Go to the line containing "move=> pD Nsub [f1 fD] f_fib." in the records below and print it and every following line exactly, on through the line containing "by apply: subset_card_le", then stop.

Records drawn from a dataset
------------------------------------------------------------------------

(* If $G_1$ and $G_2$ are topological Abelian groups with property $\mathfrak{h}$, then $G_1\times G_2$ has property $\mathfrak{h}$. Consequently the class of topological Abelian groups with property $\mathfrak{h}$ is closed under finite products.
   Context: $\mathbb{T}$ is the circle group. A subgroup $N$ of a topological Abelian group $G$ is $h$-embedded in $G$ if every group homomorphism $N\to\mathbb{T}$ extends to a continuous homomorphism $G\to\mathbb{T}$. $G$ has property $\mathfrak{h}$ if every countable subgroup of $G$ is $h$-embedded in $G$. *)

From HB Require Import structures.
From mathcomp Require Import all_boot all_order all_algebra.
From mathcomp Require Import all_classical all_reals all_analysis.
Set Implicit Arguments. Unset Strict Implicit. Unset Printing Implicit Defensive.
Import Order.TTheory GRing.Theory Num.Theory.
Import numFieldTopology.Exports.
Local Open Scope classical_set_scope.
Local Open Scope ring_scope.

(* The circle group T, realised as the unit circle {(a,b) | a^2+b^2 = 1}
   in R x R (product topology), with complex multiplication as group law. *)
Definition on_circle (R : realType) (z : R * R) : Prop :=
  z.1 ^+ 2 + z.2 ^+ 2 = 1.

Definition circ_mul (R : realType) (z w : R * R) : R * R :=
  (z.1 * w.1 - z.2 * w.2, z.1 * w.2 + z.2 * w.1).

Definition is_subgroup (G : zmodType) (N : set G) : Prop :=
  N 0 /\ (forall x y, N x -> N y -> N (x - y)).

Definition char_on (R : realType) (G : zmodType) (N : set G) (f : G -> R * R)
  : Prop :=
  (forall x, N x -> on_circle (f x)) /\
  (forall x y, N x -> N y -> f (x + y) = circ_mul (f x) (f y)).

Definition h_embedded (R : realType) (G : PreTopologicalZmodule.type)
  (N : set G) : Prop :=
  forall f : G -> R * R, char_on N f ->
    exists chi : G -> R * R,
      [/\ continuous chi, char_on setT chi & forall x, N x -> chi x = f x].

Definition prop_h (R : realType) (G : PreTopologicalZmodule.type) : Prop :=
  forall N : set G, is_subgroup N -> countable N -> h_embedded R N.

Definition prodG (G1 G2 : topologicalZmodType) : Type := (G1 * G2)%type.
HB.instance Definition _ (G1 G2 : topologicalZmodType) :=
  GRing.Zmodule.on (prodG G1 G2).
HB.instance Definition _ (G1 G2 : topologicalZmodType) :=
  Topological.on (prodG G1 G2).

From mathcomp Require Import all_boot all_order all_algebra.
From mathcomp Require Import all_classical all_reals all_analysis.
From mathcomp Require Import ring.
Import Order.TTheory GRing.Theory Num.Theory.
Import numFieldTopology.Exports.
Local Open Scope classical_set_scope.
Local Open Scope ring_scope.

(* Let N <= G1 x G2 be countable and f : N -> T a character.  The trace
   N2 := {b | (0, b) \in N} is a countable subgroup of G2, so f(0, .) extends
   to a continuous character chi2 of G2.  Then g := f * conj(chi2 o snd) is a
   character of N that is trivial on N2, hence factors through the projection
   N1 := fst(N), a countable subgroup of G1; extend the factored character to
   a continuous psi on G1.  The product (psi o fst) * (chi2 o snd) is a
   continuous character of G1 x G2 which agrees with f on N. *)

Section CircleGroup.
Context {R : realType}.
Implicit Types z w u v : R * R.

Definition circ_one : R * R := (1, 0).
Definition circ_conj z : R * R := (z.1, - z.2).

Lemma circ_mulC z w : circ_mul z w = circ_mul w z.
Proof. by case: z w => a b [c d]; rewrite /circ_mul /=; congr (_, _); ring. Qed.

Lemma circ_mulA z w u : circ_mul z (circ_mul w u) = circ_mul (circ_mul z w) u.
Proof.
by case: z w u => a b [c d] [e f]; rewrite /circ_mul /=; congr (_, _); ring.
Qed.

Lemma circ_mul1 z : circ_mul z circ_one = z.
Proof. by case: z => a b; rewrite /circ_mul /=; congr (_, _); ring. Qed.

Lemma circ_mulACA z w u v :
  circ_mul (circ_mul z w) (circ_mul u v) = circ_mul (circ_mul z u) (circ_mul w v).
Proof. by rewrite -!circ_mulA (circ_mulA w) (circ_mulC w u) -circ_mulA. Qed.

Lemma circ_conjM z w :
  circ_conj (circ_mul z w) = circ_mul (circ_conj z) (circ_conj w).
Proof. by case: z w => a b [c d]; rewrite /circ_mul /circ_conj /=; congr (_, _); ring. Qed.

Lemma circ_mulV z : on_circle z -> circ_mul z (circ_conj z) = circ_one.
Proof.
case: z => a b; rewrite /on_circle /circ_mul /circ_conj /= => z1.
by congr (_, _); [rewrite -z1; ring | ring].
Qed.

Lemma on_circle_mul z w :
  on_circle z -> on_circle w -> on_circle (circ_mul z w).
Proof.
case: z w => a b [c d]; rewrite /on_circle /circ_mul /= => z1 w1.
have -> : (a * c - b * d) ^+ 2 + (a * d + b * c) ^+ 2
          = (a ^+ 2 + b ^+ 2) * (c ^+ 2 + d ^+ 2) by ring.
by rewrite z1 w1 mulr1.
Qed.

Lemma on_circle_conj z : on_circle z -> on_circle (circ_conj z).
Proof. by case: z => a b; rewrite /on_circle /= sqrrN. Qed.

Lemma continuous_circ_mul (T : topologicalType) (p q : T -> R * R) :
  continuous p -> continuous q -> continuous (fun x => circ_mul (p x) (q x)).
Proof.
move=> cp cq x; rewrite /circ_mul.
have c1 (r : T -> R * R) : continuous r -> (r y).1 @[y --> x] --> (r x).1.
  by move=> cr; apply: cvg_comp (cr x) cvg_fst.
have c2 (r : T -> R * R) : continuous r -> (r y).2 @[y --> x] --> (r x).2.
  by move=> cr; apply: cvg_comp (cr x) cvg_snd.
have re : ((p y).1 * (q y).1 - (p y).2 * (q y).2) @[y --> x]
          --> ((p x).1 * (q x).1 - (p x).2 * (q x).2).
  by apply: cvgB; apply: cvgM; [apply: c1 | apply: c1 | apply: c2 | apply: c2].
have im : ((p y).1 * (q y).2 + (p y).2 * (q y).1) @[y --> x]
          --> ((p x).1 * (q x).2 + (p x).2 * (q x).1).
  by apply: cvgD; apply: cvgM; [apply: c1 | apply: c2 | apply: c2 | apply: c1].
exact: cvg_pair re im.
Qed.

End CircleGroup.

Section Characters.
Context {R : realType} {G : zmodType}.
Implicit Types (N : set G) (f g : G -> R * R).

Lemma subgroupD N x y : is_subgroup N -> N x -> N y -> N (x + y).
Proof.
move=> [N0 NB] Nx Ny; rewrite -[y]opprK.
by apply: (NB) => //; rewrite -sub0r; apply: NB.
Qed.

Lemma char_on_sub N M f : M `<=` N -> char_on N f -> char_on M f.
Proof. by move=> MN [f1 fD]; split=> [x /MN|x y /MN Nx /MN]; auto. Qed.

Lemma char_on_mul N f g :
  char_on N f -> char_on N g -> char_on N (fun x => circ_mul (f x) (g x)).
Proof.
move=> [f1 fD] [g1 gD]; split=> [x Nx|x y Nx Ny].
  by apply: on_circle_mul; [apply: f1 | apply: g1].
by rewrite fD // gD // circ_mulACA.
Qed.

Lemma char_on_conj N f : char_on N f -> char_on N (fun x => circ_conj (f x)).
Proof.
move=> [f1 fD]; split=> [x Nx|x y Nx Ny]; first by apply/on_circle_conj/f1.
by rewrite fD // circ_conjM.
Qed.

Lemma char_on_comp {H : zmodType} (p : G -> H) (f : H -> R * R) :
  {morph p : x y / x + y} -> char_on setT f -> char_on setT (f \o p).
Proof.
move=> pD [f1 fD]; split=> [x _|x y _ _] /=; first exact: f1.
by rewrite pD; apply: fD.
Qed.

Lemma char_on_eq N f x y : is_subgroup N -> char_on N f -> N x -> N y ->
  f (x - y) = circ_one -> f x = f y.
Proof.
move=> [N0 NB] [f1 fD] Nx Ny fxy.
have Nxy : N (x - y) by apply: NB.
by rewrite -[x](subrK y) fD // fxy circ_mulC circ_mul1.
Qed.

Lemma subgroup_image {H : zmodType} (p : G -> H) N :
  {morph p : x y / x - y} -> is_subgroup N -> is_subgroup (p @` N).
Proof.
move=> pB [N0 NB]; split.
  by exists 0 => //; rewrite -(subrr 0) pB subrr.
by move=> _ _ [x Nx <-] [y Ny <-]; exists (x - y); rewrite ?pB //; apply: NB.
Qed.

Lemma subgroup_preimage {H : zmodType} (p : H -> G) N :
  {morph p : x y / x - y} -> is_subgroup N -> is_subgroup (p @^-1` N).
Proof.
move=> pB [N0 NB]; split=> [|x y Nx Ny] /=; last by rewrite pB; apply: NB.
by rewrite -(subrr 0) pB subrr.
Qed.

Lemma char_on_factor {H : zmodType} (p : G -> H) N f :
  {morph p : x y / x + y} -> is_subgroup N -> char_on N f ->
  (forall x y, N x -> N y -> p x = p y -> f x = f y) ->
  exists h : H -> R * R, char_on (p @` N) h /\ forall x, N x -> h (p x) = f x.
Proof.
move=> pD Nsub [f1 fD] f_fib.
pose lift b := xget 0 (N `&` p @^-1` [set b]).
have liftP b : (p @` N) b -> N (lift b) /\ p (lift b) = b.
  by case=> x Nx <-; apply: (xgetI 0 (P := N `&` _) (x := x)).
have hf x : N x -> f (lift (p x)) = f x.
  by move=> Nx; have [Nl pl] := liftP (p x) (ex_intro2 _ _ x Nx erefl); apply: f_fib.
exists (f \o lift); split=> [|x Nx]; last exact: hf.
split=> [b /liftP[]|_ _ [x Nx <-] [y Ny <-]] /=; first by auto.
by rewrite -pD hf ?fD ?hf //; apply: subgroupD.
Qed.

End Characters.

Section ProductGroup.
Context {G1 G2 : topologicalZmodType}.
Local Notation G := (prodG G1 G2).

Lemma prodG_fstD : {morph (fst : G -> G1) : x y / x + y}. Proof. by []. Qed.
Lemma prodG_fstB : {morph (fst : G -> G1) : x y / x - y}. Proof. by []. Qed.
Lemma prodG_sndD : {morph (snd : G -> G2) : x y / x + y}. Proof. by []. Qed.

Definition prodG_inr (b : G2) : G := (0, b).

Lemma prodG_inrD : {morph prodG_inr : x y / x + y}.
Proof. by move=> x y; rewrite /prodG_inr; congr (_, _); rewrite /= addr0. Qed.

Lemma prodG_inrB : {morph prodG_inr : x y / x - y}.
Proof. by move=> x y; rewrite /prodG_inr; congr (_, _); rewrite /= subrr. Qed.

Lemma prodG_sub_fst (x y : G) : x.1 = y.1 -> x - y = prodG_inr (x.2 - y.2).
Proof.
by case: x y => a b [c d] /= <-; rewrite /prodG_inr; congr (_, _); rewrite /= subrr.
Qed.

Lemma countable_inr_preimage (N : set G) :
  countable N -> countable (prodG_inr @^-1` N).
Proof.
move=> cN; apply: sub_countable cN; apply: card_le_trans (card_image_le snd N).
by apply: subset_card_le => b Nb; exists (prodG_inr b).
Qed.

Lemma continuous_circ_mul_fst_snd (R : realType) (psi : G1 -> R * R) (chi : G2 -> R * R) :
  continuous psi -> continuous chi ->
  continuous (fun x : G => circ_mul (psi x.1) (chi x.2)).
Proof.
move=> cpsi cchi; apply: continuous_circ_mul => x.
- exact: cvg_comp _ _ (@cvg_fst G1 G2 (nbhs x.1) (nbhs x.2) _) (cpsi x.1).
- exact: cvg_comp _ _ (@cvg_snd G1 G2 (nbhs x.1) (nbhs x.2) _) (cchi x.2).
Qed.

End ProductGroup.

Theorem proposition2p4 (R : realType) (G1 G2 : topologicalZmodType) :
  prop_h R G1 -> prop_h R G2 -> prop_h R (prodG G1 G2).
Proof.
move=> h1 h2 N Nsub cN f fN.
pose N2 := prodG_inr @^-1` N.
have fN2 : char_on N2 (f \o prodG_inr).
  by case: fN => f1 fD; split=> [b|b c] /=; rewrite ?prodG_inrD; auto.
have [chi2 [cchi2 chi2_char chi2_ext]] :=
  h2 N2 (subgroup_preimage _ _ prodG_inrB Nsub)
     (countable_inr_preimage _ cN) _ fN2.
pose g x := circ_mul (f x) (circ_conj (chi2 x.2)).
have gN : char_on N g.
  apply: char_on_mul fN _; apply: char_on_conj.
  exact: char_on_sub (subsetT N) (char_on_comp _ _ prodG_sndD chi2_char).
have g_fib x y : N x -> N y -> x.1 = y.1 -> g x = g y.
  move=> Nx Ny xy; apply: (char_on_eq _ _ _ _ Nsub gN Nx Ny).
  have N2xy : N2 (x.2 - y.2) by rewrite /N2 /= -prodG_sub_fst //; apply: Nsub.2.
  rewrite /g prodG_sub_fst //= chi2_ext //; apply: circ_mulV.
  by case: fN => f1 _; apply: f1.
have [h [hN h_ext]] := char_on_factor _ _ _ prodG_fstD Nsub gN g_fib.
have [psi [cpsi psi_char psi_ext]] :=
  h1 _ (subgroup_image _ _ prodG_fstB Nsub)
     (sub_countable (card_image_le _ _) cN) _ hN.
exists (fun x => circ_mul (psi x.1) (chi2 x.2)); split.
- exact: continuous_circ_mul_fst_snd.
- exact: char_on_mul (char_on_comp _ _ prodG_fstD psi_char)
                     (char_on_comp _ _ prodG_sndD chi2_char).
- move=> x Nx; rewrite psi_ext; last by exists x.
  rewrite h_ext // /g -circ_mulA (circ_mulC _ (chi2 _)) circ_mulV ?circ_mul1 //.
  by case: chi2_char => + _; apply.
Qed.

------------------------------------------------------------------------

== TASK RESULT ==
move=> pD Nsub [f1 fD] f_fib.
pose lift b := xget 0 (N `&` p @^-1` [set b]).
have liftP b : (p @` N) b -> N (lift b) /\ p (lift b) = b.
  by case=> x Nx <-; apply: (xgetI 0 (P := N `&` _) (x := x)).
have hf x : N x -> f (lift (p x)) = f x.
  by move=> Nx; have [Nl pl] := liftP (p x) (ex_intro2 _ _ x Nx erefl); apply: f_fib.
exists (f \o lift); split=> [|x Nx]; last exact: hf.
split=> [b /liftP[]|_ _ [x Nx <-] [y Ny <-]] /=; first by auto.
by rewrite -pD hf ?fD ?hf //; apply: subgroupD.
Qed.

End Characters.

Section ProductGroup.
Context {G1 G2 : topologicalZmodType}.
Local Notation G := (prodG G1 G2).

Lemma prodG_fstD : {morph (fst : G -> G1) : x y / x + y}. Proof. by []. Qed.
Lemma prodG_fstB : {morph (fst : G -> G1) : x y / x - y}. Proof. by []. Qed.
Lemma prodG_sndD : {morph (snd : G -> G2) : x y / x + y}. Proof. by []. Qed.

Definition prodG_inr (b : G2) : G := (0, b).

Lemma prodG_inrD : {morph prodG_inr : x y / x + y}.
Proof. by move=> x y; rewrite /prodG_inr; congr (_, _); rewrite /= addr0. Qed.

Lemma prodG_inrB : {morph prodG_inr : x y / x - y}.
Proof. by move=> x y; rewrite /prodG_inr; congr (_, _); rewrite /= subrr. Qed.

Lemma prodG_sub_fst (x y : G) : x.1 = y.1 -> x - y = prodG_inr (x.2 - y.2).
Proof.
by case: x y => a b [c d] /= <-; rewrite /prodG_inr; congr (_, _); rewrite /= subrr.
Qed.

Lemma countable_inr_preimage (N : set G) :
  countable N -> countable (prodG_inr @^-1` N).
Proof.
move=> cN; apply: sub_countable cN; apply: card_le_trans (card_image_le snd N).
by apply: subset_card_le => b Nb; exists (prodG_inr b).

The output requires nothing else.